The motion compensation prediction unit 1366 creates a predicted image for the coding target frame using the motion vector thus received, and outputs the predicted image to the adder 1312.
As described above, with the present Embodiment 2, the motion vectors for each coding target frame (B frame) are represented using the motion vectors obtained for the backward reference frame (P frame). Accordingly, there is no need to perform coding of the motion vectors themselves for each B frame. For such a B frame, it is sufficient to perform coding of the coefficients α, adjustment vectors β, and the motion mode. Furthermore, in a case of the constant-speed mode or the constant-acceleration mode, the coefficients α are obtained based upon the ratio of the coding target frame as to the reference frame. Accordingly, in this case, there is no need to perform coding of the coefficients α. Specifically, in this case, it is sufficient to perform coding of only the adjustment vectors β and the motion mode.
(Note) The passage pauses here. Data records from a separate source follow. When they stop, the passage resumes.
(* Let $A$ be Hurwitz and let $M_{\rm initial},\sigma_{\rm slowest}>0$ satisfy $\|e^{At}\|_2\le M_{\rm initial}e^{-\sigma_{\rm slowest}t}$ for all $t\ge0$. Let $\widetilde M_{\rm loose}=2M_{\rm initial}\|B\|_2/\sigma_{\rm slowest}$ and $\mathcal{B}_{\rm ultimate}=\{x\in\mathbb{R}^n:\|x\|_2\le\widetilde M_{\rm loose}\}$. Let $x(\cdot)$ be a trajectory of the relay feedback system $\dot x=Ax-B\,\mathrm{sign}(Cx)$ with $x(0)\in\mathcal{B}_{\rm ultimate}$. Then for all times $t$ greater than $t_{\rm excursions\text{-}over}=\frac{1}{\sigma_{\rm slowest}}\log(2M_{\rm initial})$, $x(t)\in\mathcal{B}_{\rm ultimate}$ (although at earlier times the state may leave $\mathcal{B}_{\rm ultimate}$).
   Context: $A$ is the $n\times n$ observer canonical matrix ($A_{i+1,i}=1$ for $i=1,\dots,n-1$, last column $(-a_0,\dots,-a_{n-1})^T$, other entries zero), $B=(b_0,\dots,b_{n-1})^T$, $C=(0,\dots,0,1)$. $\mathrm{sign}(e)=1$ for $e>0$, $-1$ for $e<0$, and $[-1,1]$ for $e=0$; trajectories are (Filippov) solutions, and on the switching set one uses non-sliding solutions. *)

From HB Require Import structures.
From mathcomp Require Import all_boot all_order all_algebra.
From mathcomp Require Import all_classical all_reals all_analysis.
From mathcomp Require complex.
Import complex.ComplexField.

Set Implicit Arguments.
Unset Strict Implicit.
Unset Printing Implicit Defensive.

Import Order.TTheory GRing.Theory Num.Theory.
Import numFieldNormedType.Exports.
Local Open Scope classical_set_scope.
Local Open Scope ring_scope.

Section RelayDefs.
Variable R : realType.

Definition obsA (n : nat) (a : 'I_n -> R) : 'M[R]_n :=
  \matrix_(i < n, j < n)
    if (i == j.+1 :> nat) then 1
    else if (j == n.-1 :> nat) then - a i else 0.

Definition obsB (n : nat) (b : 'I_n -> R) : 'cV[R]_n := \col_(i < n) b i.

Definition obsC (n : nat) : 'rV[R]_n :=
  \row_(j < n) (if (j == n.-1 :> nat) then 1 else 0).

Definition vnorm2 (n : nat) (x : 'cV[R]_n) : R :=
  Num.sqrt (\sum_(i < n) x i ord0 ^+ 2).

Definition opnorm2 (n : nat) (M : 'M[R]_n) : R :=
  sup [set vnorm2 (M *m x) | x in [set x : 'cV[R]_n | vnorm2 x <= 1]].

Definition expmt (n : nat) (A : 'M[R]_n) (t : R) : 'M[R]_n :=
  \matrix_(i < n, j < n)
    limn (fun N : nat => \sum_(0 <= k < N) (t ^+ k / (k`!)%:R * (A ^+ k) i j)).

Definition hurwitz (n : nat) (A : 'M[R]_n) : Prop :=
  forall z : complex.complex R,
    eigenvalue (map_mx (fun r : R => complex.Complex r 0) A) z ->
    complex.Re z < 0.

Definition sign_set (e : R) : set R :=
  if 0 < e then [set 1] else if e < 0 then [set -1] else `[-1, 1]%classic.

(* Filippov solution on [0,+oo) of xdot = A x - B sign(C x), in integral form:
   x is continuous and there is a measurable selection u(s) in sign(C x(s))
   with x(t) = x(0) + int_0^t (A x(s) - B u(s)) ds for all t >= 0. *)
Definition filippov_solution (n : nat) (A : 'M[R]_n) (B : 'cV[R]_n)
    (C : 'rV[R]_n) (x : R -> 'cV[R]_n) : Prop :=
  (forall i, {within [set t : R | 0 <= t], continuous (fun t : R => x t i ord0)}) /\
  exists u : R -> R,
    measurable_fun (`[0, +oo[%classic : set R) u /\
    (forall s, 0 <= s -> sign_set ((C *m x s) ord0 ord0) (u s)) /\
    (forall t, 0 <= t -> forall i,
       x t i ord0 = x 0 i ord0 +
         Rintegral lebesgue_measure `[0, t]%classic
           (fun s => (A *m x s - u s *: B) i ord0)).

Definition non_sliding (n : nat) (C : 'rV[R]_n) (x : R -> 'cV[R]_n) : Prop :=
  ~ exists t1 t2, 0 <= t1 /\ t1 < t2 /\
      (forall s, t1 <= s <= t2 -> (C *m x s) ord0 ord0 = 0).

End RelayDefs.

From HB Require Import structures.
From mathcomp Require Import all_boot all_order all_algebra.
From mathcomp Require Import all_classical all_reals all_analysis.
From mathcomp Require Import ring lra.
From mathcomp Require Import measurable_realfun.

Set Implicit Arguments.
Unset Strict Implicit.
Unset Printing Implicit Defensive.

Import Order.TTheory GRing.Theory Num.Theory.
Import numFieldNormedType.Exports.
Local Open Scope classical_set_scope.
Local Open Scope ring_scope.

(* Discretized variation of constants.  For h = t/N and s_k = k h, the vectors
   phi_k = e^{A(t - s_k)} x(s_k) telescope from phi_0 = e^{At} x(0) to phi_N = x(t).
   Expanding e^{A(tau + h)} = e^{A tau}(1 + hA) + O(h^2) entrywise and using the
   integral equation of x on ]s_k, s_k + h], one gets
     phi_{k+1} - phi_k = - (int_{s_k}^{s_{k+1}} u) e^{A(t - s_{k+1})} B + O(h^2),
   and |u| <= 1.  Summing the geometric bounds M e^{-sigma (t - s_{k+1})} yields
     |x(t)| <= M e^{-sigma t} |x(0)| + M |B| e^{sigma h} / sigma + O(1/N),
   so letting N -> oo gives |x(t)| <= M e^{-sigma t} |x(0)| + M |B| / sigma.  For
   t > ln(2M)/sigma the first term is at most half of the radius 2M|B|/sigma and
   the second term is exactly the other half. *)

Lemma sum_sqr_le_sqr_sum (R : realDomainType) (I : Type) (r : seq I) (F : I -> R) :
  (forall i, 0 <= F i) -> \sum_(i <- r) F i ^+ 2 <= (\sum_(i <- r) F i) ^+ 2.
Proof.
move=> F0; elim: r => [|i r IH]; first by rewrite !big_nil expr0n.
rewrite !big_cons.
have S0 : 0 <= \sum_(j <- r) F j by apply: sumr_ge0 => j _.
have := F0 i; nra.
Qed.

Lemma ler_sum_ord_const (R : numDomainType) (n : nat) (F : 'I_n -> R) (c : R) :
  (forall i, F i <= c) -> \sum_(i < n) F i <= n%:R * c.
Proof.
move=> Fc; apply: le_trans (_ : \sum_(i < n) c <= _); first exact: ler_sum.
by rewrite sumr_const card_ord mulr_natl.
Qed.

Section EuclideanNorm.
Variable R : realType.
Implicit Types (n : nat).

Lemma vnorm2_ge0 n (v : 'cV[R]_n) : 0 <= vnorm2 v.
Proof. exact: sqrtr_ge0. Qed.

Lemma vnorm2_sqr n (v : 'cV[R]_n) : vnorm2 v ^+ 2 = \sum_(i < n) v i ord0 ^+ 2.
Proof. by rewrite sqr_sqrtr // sumr_ge0 // => i _; exact: sqr_ge0. Qed.

Lemma vnorm2_le_of_sqr n (v : 'cV[R]_n) c :
  0 <= c -> \sum_(i < n) v i ord0 ^+ 2 <= c ^+ 2 -> vnorm2 v <= c.
Proof.
move=> c0 vc; rewrite -(ger0_norm c0) -sqrtr_sqr ler_sqrt //.
exact: sqr_ge0.
Qed.

Lemma normr_entry_le_vnorm2 n (v : 'cV[R]_n) i : `|v i ord0| <= vnorm2 v.
Proof.
rewrite -sqrtr_sqr ler_sqrt; last by rewrite sumr_ge0 // => j _; exact: sqr_ge0.
by rewrite (bigD1 i) //= lerDl sumr_ge0 // => j _; exact: sqr_ge0.
Qed.

Lemma vnorm2_le_sum_normr n (v : 'cV[R]_n) : vnorm2 v <= \sum_(i < n) `|v i ord0|.
Proof.
apply: vnorm2_le_of_sqr; first exact: sumr_ge0.
apply: le_trans (sum_sqr_le_sqr_sum _ (fun i => normr_ge0 (v i ord0))).
by apply: ler_sum => i _; rewrite real_normK ?num_real.
Qed.

Lemma vnorm2Z n (v : 'cV[R]_n) c : vnorm2 (c *: v) = `|c| * vnorm2 v.
Proof.
rewrite /vnorm2 -sqrtr_sqr -sqrtrM ?sqr_ge0 // mulr_sumr.
by congr Num.sqrt; apply: eq_bigr => i _; rewrite mxE exprMn.
Qed.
In many cases, recent high image quality compression coding requires detection of motion vectors with ¼ pixel precision. Such an arrangement further increases the coding amount of the motion vector information. While the present Embodiment 2 requires an increased calculation amount for coding, the present Embodiment 2 provides the advantage of a reduced coding amount of the motion vector data. Such an arrangement reduces the data amount of a coded stream, thereby improving the coding efficiency for a moving image.
The conventional direct mode handles only constant-speed motion. On the other hand, the present Embodiment 2 can handle constant-acceleration motion or more complex motion. Thus, the present Embodiment 2 reduces the coding amount of the motion vector data even in such a case.
Description has been made regarding a arrangement in which the present embodiment is applied to the forward prediction for the B frames. The present Embodiment 2 may be applied to the backward prediction in the same way. The present embodiment is not restricted to the uni-directional motion prediction. The present Embodiment 2 may be applied to bi-directional prediction. Specifically, the present Embodiment 2 may be applied to coding of two independent motion vectors which represent the motion with respect to the forward reference frame and the backward reference frame in the bi-directional prediction mode.
Description has been made regarding the present Embodiment 2 with reference to the examples. The above-described examples have been described for exemplary purposes only, and are by no means intended to be interpreted restrictively. Rather, it can be readily conceived by those skilled in this art that various modifications may be made by making various combinations of the aforementioned components or the aforementioned processing, which are also encompassed in the technical scope of the present Embodiment 2.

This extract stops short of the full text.